Note that subcomponents can be dependent on optional dependencies too. In this case the user should be able to import and use the relevant parent component. The user should only get an error message if:

  1. They don't have the optional dependency installed and,
  2. They configure the parent component in such as way that it uses the subcomponent functionality.

Developers should implement this by importing the subcomponent into the source code defining the parent component using the optional_import function. The general layout of a subpackage with optional dependencies should look like:

alibi_detect/subpackage/
  __init__.py  # expose public API with optional import guards
  defaults.py  # private implementations requiring only core deps
  optional_dep.py # private implementations requiring an optional dependency (or several?)

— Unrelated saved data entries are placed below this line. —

(* Let $\mathbf x_\alpha$ and $\mathbf y_\beta$ be distinct variables, $\mathbf A_\alpha$ and $\mathbf B_\gamma$ expressions, and suppose that either (1) $\mathbf A_\alpha$ is eval-free and $\mathbf y_\beta$ is not free in $\mathbf A_\alpha$, or (2) $\mathbf B_\gamma$ is eval-free and $\mathbf x_\alpha$ is not free in $\mathbf B_\gamma$. Then $(\lambda\mathbf x_\alpha.\lambda\mathbf y_\beta.\mathbf B_\gamma)\,\mathbf A_\alpha=\lambda\mathbf y_\beta.((\lambda\mathbf x_\alpha.\mathbf B_\gamma)\,\mathbf A_\alpha)$ is valid in CTT$_{\rm qe}$.
   Context: The logic CTT$_{\rm qe}$. Types: $\iota$ (individuals), $o$ (truth values), $\epsilon$ (constructions), and $(\alpha\to\beta)$ for types $\alpha,\beta$. Let $\mathcal V$ be a set of typed symbols (variables) containing denumerably many symbols $\mathbf{x}_\alpha$ of each type $\alpha$, and $\mathcal C$ a disjoint set of typed symbols (constants) containing the logical constants $=_{\alpha\to\alpha\to o}$ (each $\alpha$), $\mathsf{is\text{-}var}_{\epsilon\to o}$, $\mathsf{is\text{-}var}^\alpha_{\epsilon\to o}$, $\mathsf{is\text{-}con}_{\epsilon\to o}$, $\mathsf{is\text{-}con}^\alpha_{\epsilon\to o}$, $\mathsf{app}_{\epsilon\to\epsilon\to\epsilon}$, $\mathsf{abs}_{\epsilon\to\epsilon\to\epsilon}$, $\mathsf{quo}_{\epsilon\to\epsilon}$, $\mathsf{is\text{-}expr}_{\epsilon\to o}$, $\mathsf{is\text{-}expr}^\alpha_{\epsilon\to o}$ (each $\alpha$), $\sqsubset_{\epsilon\to\epsilon\to o}$, $\mathsf{is\text{-}free\text{-}in}_{\epsilon\to\epsilon\to o}$. Expressions $\mathbf{A}_\alpha$ (subscript = type) are defined inductively: (1) a variable $\mathbf{x}_\alpha$; (2) a constant $\mathbf{c}_\alpha$; (3) application $(\mathbf{F}_{\alpha\to\beta}\,\mathbf{A}_\alpha)$ of type $\beta$; (4) abstraction $(\lambda\mathbf{x}_\alpha.\mathbf{B}_\beta)$ of type $\alpha\to\beta$; (5) quotation $\ulcorner\mathbf{A}_\alpha\urcorner$ of type $\epsilon$, formed only if $\mathbf{A}_\alpha$ is eval-free; (6) evaluation $[\![\mathbf{A}_\epsilon]\!]_{\mathbf{B}_\beta}$ of type $\beta$, written $[\![\mathbf{A}_\epsilon]\!]_\beta$ (the second component only fixes the type). An expression is eval-free if built using rules (1)–(5) only. A formula is an expression of type $o$. In an eval-free expression, an occurrence of a variable $\mathbf{x}_\alpha$ is free if it is not inside a quotation and not inside a subexpression of the form $\lambda\mathbf{x}_\alpha.\mathbf{C}$; $\mathbf{x}_\alpha$ is free in $\mathbf{B}$ if it has a free occurrence there. Constructions: the smallest set of expressions of type $\epsilon$ containing all $\ulcorner\mathbf{x}_\alpha\urcorner$ and $\ulcorner\mathbf{c}_\alpha\urcorner$ and closed under forming $\mathsf{app}\,\mathbf{A}_\epsilon\,\mathbf{B}_\epsilon$, $\mathsf{abs}\,\mathbf{A}_\epsilon\,\mathbf{B}_\epsilon$, $\mathsf{quo}\,\mathbf{A}_\epsilon$. The injective map $\mathcal E$ from eval-free expressions to constructions: $\mathcal E(\mathbf{x}_\alpha)=\ulcorner\mathbf{x}_\alpha\urcorner$, $\mathcal E(\mathbf{c}_\alpha)=\ulcorner\mathbf{c}_\alpha\urcorner$, $\mathcal E(\mathbf{F}\,\mathbf{A})=\mathsf{app}\,\mathcal E(\mathbf F)\,\mathcal E(\mathbf A)$, $\mathcal E(\lambda\mathbf{x}_\alpha.\mathbf B)=\mathsf{abs}\,\mathcal E(\mathbf x_\alpha)\,\mathcal E(\mathbf B)$, $\mathcal E(\ulcorner\mathbf A\urcorner)=\mathsf{quo}\,\mathcal E(\mathbf A)$. Abbreviations: $\mathbf A_\alpha=\mathbf B_\alpha$ is $=_{\alpha\to\alpha\to o}\mathbf A_\alpha\mathbf B_\alpha$; $T_o$ is $(=_{o\to o\to o}\,=\,=_{o\to o\to o})$; $F_o$ is $(\lambda x_o.T_o)=(\lambda x_o.x_o)$; $\forall\mathbf x_\alpha.\mathbf A_o$ is $(\lambda\mathbf x_\alpha.T_o)=(\lambda\mathbf x_\alpha.\mathbf A_o)$; $\neg\mathbf A_o$ is $=_{o\to o\to o}F_o\,\mathbf A_o$; $\exists\mathbf x_\alpha.\mathbf A_o$ is $\neg\forall\mathbf x_\alpha.\neg\mathbf A_o$; $\mathbf A\neq\mathbf B$ is $\neg(\mathbf A=\mathbf B)$; $\mathsf{IS\text{-}EFFECTIVE\text{-}IN}(\mathbf x_\alpha,\mathbf B_\beta)$ is $\exists\mathbf y_\alpha.((\lambda\mathbf x_\alpha.\mathbf B_\beta)\,\mathbf y_\alpha\neq\mathbf B_\beta)$ for a variable $\mathbf y_\alpha$ distinct from $\mathbf x_\alpha$. Semantics. A frame is $\{D_\alpha\}$ with $D_\iota$ nonempty, $D_o=\{\mathrm T,\mathrm F\}$, $D_\epsilon$ the set of all constructions, and $D_{\alpha\to\beta}$ some set of total functions $D_\alpha\to D_\beta$. An interpretation $(\{D_\alpha\},I)$ has $I(\mathbf c_\alpha)\in D_\alpha$ for each constant, with: $I(=_{\alpha\to\alpha\to o})$ the (curried) identity relation on $D_\alpha$; $I(\mathsf{is\text{-}var})(A)=\mathrm T$ iff $A=\ulcorner\mathbf x_\beta\urcorner$ for some variable of some type; $I(\mathsf{is\text{-}var}^\alpha)(A)=\mathrm T$ iff $A=\ulcorner\mathbf x_\alpha\urcorner$ for some variable of type $\alpha$; likewise $\mathsf{is\text{-}con}$, $\mathsf{is\text{-}con}^\alpha$ with constants; $I(\mathsf{app})(A)(B)$, $I(\mathsf{abs})(A)(B)$, $I(\mathsf{quo})(A)$ are the constructions $\mathsf{app}\,A\,B$, $\mathsf{abs}\,A\,B$, $\mathsf{quo}\,A$; $I(\mathsf{is\text{-}expr})(A)=\mathrm T$ iff $A=\mathcal E(\mathbf B_\beta)$ for some eval-free $\mathbf B_\beta$ of some type; $I(\mathsf{is\text{-}expr}^\alpha)(A)=\mathrm T$ iff $A=\mathcal E(\mathbf B_\alpha)$ for some eval-free $\mathbf B_\alpha$; $I(\sqsubset)(A)(B)=\mathrm T$ iff $A$ is a proper subexpression of $B$; $I(\mathsf{is\text{-}free\text{-}in})(A)(B)=\mathrm T$ iff $A=\ulcorner\mathbf x_\alpha\urcorner$, $B=\mathcal E(\mathbf C_\beta)$ for some eval-free $\mathbf C_\beta$, and $\mathbf x_\alpha$ is free in $\mathbf C_\beta$. An assignment $\phi$ maps each $\mathbf x_\alpha\in\mathcal V$ into $D_\alpha$; $\phi[\mathbf x_\alpha\mapsto d]$ is the usual modification. A general model is an interpretation $\mathcal M$ for which there is a valuation $V^{\mathcal M}_\phi(\mathbf C_\gamma)\in D_\gamma$ (for all $\phi$ and all expressions) with: (V1) $V_\phi(\mathbf x_\alpha)=\phi(\mathbf x_\alpha)$; (V2) $V_\phi(\mathbf c_\alpha)=I(\mathbf c_\alpha)$; (V3) $V_\phi(\mathbf F\,\mathbf A)=V_\phi(\mathbf F)(V_\phi(\mathbf A))$; (V4) $V_\phi(\lambda\mathbf x_\alpha.\mathbf B_\beta)$ is the $f\in D_{\alpha\to\beta}$ with $f(d)=V_{\phi[\mathbf x_\alpha\mapsto d]}(\mathbf B_\beta)$; (V5) $V_\phi(\ulcorner\mathbf A_\alpha\urcorner)=\mathcal E(\mathbf A_\alpha)$; (V6) if $V_\phi(\mathsf{is\text{-}expr}^\beta\,\mathbf A_\epsilon)=\mathrm T$ then $V_\phi([\![\mathbf A_\epsilon]\!]_\beta)=V_\phi(\mathcal E^{-1}(V_\phi(\mathbf A_\epsilon)))$; (V7) for each $\beta$ there is a fixed $d_\beta\in D_\beta$ such that $V_\phi([\![\mathbf A_\epsilon]\!]_\beta)=d_\beta$ whenever $V_\phi(\mathsf{is\text{-}expr}^\beta\,\mathbf A_\epsilon)=\mathrm F$. $\mathcal M\models\mathbf A_o$ ($\mathbf A_o$ valid in $\mathcal M$) iff $V_\phi(\mathbf A_o)=\mathrm T$ for all $\phi$; $\models\mathbf A_o$ (valid in CTT$_{\rm qe}$) iff valid in every general model. A standard model is an interpretation in which every $D_{\alpha\to\beta}$ is the set of all total functions $D_\alpha\to D_\beta$. *)

From Stdlib Require Import Relations Arith.

Inductive ty : Type :=
| Iota | Omicron | Eps | Fn (a b : ty).

Definition ty_eq_dec (a b : ty) : {a = b} + {a <> b}.
Proof. decide equality. Defined.

Inductive lcon : Type :=
| CEq (a : ty) | CIsVar | CIsVarT (a : ty) | CIsCon | CIsConT (a : ty)
| CApp | CAbs | CQuo | CIsExpr | CIsExprT (a : ty) | CSub | CIsFreeIn.

Definition lcon_ty (c : lcon) : ty :=
  match c with
  | CEq a => Fn a (Fn a Omicron)
  | CIsVar | CIsVarT _ | CIsCon | CIsConT _ | CIsExpr | CIsExprT _ => Fn Eps Omicron
  | CApp | CAbs => Fn Eps (Fn Eps Eps)
  | CQuo => Fn Eps Eps
  | CSub | CIsFreeIn => Fn Eps (Fn Eps Omicron)
  end.

Section CTTqe.
(* The set C of constants: the logical constants plus an arbitrary
   family K of further (non-logical) typed constants. *)
Variable K : Type.
Variable kty : K -> ty.

Inductive con : Type := LC (c : lcon) | UC (k : K).

Definition con_ty (c : con) : ty :=
  match c with LC l => lcon_ty l | UC k => kty k end.

(* Intrinsically typed raw expressions; variables are symbols x^n_a.
   Quotation is restricted to eval-free bodies by the predicate [wf] below. *)
Inductive expr : ty -> Type :=
| Var (n : nat) (a : ty) : expr a
| Con (c : con) : expr (con_ty c)
| Ap {a b : ty} (F : expr (Fn a b)) (A : expr a) : expr b
| Lam (n : nat) (a : ty) {b : ty} (B : expr b) : expr (Fn a b)
| Quote {a : ty} (A : expr a) : expr Eps
| Eval (b : ty) (A : expr Eps) : expr b.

any public functionality that is dependent on an optional dependency should be imported into __init__.py using the import_optional function.

Note:

  • The import_optional function returns an instance of a class and if this is passed to type-checking constructs, such as Union, it will raise errors. Thus, in order to do type-checking, we need to 1. Conditionally import the true object dependent on TYPE_CHECKING and 2. Use forward referencing when passing to typing constructs such as Union. We use forward referencing because in a user environment the optional dependency may not be installed in which case it'll be replaced with an instance of the MissingDependency class. For example:
    from typing import TYPE_CHECKING, Union
    
    if TYPE_CHECKING:
      # Import for type checking. This will be type `UsefulClass`. Note import is from implementation file.
      from alibi_detect.utils.useful_classes import UsefulClass
    else:
      # Import is from `__init__` public API file. Class will be protected by optional_import function and so this will 
      # be type any.
      from alibi.utils import UsefulClass
    
    # The following will not throw an error because of the forward reference but mypy will still work.
    def example_function(useful_class: Union['UsefulClass', str]) -> None:
      ...
  • Developers can use make repl tox-env=<tox-env-name> to run a python REPL with the specified optional dependency installed. This is to allow manual testing.